[Saved entries]
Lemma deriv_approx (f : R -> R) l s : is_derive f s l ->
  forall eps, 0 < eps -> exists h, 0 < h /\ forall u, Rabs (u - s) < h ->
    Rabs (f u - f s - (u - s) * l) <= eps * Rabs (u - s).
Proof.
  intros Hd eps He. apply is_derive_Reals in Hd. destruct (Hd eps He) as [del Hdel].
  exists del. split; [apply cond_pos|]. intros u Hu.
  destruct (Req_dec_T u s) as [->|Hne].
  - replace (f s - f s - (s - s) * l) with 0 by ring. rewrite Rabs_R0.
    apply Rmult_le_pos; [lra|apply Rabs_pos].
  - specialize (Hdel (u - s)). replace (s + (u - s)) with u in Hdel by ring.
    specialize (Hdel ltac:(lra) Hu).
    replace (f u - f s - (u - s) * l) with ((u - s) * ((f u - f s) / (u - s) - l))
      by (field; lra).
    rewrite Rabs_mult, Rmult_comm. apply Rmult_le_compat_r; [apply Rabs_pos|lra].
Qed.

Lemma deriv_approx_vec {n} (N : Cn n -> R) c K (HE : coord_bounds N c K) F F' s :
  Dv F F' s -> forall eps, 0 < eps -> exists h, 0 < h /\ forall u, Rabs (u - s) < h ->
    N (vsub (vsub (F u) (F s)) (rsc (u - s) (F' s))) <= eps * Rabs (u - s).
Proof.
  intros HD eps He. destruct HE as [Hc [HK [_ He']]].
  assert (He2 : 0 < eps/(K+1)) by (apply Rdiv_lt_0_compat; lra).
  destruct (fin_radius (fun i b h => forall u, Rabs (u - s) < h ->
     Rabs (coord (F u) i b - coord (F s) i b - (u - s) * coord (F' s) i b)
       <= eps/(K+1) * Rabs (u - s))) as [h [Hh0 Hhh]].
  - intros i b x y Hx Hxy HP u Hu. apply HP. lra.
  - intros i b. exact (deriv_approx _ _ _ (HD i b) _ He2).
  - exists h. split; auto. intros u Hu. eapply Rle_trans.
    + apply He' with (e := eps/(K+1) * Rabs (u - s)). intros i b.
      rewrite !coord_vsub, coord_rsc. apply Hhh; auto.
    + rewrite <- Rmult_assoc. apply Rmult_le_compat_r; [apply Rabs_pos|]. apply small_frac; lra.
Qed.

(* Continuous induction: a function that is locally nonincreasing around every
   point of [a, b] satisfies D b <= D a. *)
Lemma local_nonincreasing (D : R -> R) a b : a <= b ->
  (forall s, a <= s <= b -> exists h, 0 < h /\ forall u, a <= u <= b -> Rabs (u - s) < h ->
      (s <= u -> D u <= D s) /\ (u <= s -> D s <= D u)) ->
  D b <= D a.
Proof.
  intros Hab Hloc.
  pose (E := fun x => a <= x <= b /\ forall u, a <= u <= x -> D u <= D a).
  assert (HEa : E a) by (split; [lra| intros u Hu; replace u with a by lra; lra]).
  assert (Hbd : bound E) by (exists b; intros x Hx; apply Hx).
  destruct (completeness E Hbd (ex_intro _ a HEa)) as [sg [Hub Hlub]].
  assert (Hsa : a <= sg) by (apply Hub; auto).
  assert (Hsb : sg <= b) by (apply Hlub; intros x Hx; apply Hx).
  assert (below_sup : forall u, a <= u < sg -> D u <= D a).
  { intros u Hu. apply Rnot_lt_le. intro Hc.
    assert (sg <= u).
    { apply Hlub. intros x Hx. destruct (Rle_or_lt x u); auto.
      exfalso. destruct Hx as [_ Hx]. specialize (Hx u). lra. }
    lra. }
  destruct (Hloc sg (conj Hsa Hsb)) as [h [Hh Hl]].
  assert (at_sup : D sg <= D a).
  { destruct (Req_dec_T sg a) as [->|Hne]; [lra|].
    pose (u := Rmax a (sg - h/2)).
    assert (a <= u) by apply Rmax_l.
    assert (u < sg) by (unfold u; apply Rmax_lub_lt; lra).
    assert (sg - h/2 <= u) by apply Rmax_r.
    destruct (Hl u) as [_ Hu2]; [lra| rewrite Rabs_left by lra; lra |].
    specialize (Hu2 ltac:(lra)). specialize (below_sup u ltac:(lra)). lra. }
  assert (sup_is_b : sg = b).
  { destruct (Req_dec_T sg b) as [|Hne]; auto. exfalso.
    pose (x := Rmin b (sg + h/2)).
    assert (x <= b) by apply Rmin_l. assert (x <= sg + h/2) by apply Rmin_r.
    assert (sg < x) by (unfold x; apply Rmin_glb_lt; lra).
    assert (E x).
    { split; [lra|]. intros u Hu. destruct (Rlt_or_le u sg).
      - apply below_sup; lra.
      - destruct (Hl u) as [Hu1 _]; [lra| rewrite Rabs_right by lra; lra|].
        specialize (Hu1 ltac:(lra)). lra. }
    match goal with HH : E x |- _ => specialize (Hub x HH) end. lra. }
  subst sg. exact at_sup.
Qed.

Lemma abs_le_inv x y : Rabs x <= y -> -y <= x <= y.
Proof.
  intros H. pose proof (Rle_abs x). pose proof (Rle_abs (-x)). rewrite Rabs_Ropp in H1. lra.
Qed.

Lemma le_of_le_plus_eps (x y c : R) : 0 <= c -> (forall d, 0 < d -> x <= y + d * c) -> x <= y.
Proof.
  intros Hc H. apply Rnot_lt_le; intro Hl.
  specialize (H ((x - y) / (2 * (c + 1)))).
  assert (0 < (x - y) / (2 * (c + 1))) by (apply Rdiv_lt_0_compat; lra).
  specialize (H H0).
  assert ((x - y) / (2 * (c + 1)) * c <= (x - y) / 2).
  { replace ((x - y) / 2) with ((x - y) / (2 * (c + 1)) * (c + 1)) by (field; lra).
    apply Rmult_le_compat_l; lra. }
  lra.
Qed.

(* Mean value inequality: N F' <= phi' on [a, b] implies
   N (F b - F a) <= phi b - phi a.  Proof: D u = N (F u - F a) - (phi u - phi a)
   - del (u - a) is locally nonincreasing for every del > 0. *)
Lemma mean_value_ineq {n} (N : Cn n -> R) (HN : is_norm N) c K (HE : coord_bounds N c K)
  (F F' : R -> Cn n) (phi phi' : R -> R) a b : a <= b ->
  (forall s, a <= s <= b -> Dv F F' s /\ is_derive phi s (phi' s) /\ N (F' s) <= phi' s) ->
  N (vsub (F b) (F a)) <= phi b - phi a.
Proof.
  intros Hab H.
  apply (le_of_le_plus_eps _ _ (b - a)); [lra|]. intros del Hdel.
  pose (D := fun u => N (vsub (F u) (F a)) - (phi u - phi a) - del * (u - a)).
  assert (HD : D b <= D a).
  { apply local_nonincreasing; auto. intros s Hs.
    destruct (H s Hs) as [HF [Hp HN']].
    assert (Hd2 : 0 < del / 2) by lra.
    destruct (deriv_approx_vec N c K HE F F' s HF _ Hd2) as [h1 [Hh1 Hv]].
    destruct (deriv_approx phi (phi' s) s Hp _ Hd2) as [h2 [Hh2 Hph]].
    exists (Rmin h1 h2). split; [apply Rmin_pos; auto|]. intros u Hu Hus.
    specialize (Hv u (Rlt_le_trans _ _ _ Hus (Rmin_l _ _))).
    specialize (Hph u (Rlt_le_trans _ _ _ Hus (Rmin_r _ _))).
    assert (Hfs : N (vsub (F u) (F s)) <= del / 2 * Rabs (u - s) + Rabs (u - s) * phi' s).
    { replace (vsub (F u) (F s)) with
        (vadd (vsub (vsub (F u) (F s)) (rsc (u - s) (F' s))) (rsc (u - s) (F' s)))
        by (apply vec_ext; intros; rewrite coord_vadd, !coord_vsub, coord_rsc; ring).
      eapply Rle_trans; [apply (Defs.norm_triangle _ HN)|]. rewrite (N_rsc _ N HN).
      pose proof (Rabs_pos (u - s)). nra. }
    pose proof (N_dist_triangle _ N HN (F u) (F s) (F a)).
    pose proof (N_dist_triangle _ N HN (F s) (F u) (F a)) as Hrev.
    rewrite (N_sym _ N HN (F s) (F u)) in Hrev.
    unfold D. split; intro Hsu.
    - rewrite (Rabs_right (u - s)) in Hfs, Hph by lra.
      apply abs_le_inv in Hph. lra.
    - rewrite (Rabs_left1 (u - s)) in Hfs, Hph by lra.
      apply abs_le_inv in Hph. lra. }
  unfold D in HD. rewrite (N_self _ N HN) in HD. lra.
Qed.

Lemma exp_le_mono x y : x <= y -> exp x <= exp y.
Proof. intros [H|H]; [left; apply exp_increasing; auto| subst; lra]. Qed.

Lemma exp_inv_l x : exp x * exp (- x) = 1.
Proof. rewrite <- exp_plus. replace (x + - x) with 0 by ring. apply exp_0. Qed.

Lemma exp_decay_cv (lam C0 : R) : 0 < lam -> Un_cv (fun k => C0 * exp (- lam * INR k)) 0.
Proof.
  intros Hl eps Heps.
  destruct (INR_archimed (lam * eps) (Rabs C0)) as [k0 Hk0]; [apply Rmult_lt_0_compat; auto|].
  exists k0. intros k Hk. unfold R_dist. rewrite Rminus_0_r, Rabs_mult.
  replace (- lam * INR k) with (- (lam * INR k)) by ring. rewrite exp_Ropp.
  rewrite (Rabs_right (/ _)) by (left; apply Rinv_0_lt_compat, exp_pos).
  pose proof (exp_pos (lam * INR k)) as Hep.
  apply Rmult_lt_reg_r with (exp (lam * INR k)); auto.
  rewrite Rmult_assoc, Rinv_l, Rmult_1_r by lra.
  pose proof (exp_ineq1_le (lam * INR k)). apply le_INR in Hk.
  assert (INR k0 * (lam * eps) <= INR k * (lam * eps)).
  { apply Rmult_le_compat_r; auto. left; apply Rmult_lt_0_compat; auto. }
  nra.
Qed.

--

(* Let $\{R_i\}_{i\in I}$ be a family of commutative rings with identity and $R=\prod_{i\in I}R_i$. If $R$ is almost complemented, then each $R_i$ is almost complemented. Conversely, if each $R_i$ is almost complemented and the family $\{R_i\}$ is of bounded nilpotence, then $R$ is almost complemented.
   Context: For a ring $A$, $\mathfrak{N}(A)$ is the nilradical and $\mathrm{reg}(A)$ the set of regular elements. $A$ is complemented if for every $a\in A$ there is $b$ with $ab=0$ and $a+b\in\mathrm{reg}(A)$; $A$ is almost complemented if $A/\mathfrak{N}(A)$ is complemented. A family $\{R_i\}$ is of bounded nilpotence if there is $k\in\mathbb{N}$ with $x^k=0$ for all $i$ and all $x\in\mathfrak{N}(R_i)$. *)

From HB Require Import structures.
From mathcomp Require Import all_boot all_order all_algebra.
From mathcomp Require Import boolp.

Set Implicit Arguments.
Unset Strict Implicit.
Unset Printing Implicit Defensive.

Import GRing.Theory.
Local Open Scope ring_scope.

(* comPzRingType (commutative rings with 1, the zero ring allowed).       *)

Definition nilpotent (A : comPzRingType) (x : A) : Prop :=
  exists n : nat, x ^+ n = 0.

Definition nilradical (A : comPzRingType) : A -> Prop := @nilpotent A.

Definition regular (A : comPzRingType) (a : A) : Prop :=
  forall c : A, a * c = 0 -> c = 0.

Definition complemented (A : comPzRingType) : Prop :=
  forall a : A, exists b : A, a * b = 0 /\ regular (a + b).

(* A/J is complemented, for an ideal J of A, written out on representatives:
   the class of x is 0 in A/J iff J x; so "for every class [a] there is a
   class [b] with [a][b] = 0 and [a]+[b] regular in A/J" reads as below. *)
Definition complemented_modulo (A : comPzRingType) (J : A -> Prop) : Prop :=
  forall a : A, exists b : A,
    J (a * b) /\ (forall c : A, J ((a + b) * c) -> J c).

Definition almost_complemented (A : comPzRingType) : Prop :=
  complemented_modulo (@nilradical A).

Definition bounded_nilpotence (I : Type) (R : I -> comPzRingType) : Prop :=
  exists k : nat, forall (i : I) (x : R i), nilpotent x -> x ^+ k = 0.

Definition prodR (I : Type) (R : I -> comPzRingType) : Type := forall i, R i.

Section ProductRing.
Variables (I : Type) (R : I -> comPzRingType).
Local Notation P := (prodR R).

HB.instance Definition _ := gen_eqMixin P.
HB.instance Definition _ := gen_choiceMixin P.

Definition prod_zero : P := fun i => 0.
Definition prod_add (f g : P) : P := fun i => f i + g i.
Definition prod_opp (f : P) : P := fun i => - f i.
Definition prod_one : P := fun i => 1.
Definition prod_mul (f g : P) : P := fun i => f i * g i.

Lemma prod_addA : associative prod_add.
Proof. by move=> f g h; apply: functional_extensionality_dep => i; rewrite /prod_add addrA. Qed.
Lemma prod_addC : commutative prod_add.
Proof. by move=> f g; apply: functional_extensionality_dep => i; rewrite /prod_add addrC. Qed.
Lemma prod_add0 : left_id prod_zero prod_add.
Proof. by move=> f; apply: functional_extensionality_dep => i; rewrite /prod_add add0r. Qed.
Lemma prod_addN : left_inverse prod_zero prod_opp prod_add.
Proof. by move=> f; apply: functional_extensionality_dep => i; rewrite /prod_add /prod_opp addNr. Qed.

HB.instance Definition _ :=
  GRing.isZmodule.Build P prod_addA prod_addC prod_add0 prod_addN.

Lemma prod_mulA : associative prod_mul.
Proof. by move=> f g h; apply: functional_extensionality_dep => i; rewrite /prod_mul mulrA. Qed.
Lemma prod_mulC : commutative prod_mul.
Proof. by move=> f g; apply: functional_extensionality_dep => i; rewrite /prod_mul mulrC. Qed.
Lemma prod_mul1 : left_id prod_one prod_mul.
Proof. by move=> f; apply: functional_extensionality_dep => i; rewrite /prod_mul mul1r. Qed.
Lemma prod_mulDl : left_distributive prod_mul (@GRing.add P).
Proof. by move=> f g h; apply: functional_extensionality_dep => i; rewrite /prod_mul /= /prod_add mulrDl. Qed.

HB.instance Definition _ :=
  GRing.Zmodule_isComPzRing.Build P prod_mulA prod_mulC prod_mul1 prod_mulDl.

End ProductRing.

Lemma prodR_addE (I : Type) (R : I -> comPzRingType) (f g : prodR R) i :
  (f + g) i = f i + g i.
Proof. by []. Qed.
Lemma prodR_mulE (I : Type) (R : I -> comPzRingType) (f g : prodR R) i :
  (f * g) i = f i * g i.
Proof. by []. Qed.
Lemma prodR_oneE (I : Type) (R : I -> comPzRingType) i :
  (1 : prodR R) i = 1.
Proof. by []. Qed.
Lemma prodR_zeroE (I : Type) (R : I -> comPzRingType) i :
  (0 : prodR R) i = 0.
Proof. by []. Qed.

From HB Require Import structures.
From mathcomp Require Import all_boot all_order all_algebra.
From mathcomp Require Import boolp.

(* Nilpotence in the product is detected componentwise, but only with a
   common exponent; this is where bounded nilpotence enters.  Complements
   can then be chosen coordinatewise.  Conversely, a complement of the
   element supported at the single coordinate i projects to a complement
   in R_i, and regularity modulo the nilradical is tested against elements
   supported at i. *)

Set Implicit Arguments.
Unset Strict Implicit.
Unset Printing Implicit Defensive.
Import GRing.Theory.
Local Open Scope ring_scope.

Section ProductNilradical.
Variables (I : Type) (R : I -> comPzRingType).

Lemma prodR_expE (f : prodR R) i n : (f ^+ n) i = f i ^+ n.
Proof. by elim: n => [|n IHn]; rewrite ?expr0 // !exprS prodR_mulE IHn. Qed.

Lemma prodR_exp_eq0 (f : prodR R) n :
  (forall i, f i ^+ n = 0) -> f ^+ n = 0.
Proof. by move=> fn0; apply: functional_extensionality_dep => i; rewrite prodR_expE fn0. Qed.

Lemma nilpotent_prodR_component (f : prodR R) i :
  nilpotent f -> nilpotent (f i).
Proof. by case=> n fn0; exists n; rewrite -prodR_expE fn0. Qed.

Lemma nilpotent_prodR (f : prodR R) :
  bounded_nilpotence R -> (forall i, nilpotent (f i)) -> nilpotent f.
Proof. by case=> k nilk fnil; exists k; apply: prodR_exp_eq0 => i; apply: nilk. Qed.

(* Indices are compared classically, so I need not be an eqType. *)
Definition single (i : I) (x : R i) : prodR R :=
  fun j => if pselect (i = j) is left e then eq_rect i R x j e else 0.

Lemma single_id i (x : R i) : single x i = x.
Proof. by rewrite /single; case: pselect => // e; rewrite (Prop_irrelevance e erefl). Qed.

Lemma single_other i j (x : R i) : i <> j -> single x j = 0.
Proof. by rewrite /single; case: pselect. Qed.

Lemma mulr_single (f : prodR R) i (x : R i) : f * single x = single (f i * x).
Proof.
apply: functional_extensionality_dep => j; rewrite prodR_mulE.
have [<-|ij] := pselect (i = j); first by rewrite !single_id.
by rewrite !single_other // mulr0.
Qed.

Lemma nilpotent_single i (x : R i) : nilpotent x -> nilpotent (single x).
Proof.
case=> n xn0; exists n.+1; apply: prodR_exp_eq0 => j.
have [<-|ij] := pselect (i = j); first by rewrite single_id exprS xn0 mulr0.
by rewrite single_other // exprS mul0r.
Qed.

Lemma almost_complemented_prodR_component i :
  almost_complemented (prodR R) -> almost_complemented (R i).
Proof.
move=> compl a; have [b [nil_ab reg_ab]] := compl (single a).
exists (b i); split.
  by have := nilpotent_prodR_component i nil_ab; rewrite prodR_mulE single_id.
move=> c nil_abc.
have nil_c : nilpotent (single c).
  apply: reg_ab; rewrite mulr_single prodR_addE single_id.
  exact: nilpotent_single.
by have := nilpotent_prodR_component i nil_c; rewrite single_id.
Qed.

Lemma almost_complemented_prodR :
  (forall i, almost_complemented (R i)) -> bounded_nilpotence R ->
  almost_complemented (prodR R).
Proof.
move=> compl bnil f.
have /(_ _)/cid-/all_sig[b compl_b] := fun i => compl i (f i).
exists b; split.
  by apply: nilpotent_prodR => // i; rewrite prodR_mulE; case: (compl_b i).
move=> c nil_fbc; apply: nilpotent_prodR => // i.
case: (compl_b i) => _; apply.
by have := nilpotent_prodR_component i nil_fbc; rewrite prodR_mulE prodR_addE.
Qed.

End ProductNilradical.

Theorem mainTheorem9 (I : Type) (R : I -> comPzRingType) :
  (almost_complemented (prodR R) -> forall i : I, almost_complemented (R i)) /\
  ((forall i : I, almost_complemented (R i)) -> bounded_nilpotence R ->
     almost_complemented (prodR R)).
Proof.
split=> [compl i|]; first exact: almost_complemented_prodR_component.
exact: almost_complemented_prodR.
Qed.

Task instructions
Produce only the lines from the line containing "by have := nilpotent_prodR_component i nil_c;" through the line containing "exists b; split.", inclusive of both, exactly as they stand in the entries above.

Answer
by have := nilpotent_prodR_component i nil_c; rewrite single_id.
Qed.

Lemma almost_complemented_prodR :
  (forall i, almost_complemented (R i)) -> bounded_nilpotence R ->
  almost_complemented (prodR R).
Proof.
move=> compl bnil f.
have /(_ _)/cid-/all_sig[b compl_b] := fun i => compl i (f i).
exists b; split.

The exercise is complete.